- **Exercise requirements**
Among the lines of the entries below, count those containing the word "hFhat" and answer with the number only.

(Stored entries)
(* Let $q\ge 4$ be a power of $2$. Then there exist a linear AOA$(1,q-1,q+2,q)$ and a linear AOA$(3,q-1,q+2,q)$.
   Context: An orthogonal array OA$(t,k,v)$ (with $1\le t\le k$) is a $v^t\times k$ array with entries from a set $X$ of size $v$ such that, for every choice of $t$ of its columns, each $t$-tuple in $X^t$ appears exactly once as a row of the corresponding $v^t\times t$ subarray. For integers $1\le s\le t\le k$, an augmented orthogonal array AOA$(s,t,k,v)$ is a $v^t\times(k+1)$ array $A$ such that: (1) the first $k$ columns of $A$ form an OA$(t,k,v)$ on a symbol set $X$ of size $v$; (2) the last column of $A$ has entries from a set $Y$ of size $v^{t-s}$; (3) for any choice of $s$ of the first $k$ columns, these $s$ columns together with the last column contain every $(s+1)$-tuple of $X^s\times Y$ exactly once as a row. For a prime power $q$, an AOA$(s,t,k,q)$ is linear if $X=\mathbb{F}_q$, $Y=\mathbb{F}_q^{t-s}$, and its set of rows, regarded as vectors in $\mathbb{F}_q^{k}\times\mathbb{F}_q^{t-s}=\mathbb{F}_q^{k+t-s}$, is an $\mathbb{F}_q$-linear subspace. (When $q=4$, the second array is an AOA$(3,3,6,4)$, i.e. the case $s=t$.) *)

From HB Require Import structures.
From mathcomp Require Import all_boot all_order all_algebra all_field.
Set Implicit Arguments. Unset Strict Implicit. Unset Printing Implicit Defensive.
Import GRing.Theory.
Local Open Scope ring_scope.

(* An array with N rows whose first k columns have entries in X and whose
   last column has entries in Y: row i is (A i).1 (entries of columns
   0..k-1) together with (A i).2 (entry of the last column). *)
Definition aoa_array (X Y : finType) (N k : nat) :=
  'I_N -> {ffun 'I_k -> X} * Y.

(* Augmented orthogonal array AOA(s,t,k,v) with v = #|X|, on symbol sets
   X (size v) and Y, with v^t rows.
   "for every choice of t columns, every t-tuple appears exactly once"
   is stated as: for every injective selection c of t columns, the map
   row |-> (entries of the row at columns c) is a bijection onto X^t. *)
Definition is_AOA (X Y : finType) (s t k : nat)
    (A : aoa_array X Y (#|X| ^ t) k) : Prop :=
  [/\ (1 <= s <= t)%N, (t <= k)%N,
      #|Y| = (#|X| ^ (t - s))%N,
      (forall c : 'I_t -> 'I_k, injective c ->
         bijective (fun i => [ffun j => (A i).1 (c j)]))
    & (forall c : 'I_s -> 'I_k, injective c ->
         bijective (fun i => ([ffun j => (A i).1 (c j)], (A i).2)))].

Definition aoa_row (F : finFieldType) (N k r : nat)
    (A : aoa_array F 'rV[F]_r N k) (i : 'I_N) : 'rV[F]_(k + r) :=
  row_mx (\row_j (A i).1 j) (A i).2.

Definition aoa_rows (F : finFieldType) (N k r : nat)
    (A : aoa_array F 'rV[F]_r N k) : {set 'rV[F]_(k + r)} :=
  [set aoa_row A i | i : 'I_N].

---

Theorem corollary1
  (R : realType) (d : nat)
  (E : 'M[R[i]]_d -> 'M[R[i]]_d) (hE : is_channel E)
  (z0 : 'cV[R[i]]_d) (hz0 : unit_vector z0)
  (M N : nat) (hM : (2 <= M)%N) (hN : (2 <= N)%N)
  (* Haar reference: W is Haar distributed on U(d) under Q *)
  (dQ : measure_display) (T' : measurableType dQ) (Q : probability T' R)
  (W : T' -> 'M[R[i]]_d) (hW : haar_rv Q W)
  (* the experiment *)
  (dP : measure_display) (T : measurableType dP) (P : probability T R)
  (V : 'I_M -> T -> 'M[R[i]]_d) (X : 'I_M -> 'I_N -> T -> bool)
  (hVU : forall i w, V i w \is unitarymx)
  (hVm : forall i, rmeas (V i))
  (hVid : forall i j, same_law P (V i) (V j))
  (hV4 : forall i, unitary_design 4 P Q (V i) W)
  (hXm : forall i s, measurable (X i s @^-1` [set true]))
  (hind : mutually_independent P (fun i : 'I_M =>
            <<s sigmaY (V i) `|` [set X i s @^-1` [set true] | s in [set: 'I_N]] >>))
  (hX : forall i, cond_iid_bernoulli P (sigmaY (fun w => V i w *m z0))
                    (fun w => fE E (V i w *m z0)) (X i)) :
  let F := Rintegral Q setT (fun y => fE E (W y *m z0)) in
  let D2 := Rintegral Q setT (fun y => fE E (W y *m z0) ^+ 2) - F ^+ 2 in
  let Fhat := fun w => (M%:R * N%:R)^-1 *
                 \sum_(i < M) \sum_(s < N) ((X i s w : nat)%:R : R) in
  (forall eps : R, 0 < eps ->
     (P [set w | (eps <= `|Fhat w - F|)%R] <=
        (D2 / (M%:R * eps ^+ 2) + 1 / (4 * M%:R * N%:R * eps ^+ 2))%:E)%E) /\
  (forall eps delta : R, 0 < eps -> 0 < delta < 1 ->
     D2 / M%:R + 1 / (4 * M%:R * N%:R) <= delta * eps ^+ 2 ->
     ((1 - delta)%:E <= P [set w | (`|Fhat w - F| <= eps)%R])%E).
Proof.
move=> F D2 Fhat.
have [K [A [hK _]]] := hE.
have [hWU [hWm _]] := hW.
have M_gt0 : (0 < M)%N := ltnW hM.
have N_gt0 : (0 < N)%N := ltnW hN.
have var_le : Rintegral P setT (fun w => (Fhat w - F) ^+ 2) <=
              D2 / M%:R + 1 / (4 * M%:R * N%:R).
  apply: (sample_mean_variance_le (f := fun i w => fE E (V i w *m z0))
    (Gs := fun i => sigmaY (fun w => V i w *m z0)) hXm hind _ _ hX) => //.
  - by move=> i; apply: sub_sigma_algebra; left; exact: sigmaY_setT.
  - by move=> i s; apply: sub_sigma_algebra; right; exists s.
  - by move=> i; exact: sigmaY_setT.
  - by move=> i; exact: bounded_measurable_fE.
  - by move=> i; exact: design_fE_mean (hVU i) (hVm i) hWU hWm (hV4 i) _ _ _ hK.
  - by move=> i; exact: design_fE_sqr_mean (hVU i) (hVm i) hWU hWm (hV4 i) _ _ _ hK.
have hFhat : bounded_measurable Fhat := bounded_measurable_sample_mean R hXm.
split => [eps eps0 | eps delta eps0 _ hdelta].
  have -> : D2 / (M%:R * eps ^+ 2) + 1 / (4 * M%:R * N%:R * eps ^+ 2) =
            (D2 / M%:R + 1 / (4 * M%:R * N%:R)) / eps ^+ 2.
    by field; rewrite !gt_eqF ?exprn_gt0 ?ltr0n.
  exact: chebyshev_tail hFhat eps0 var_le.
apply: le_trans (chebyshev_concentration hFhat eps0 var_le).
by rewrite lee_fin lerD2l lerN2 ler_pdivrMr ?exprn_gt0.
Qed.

- **Written solution**
3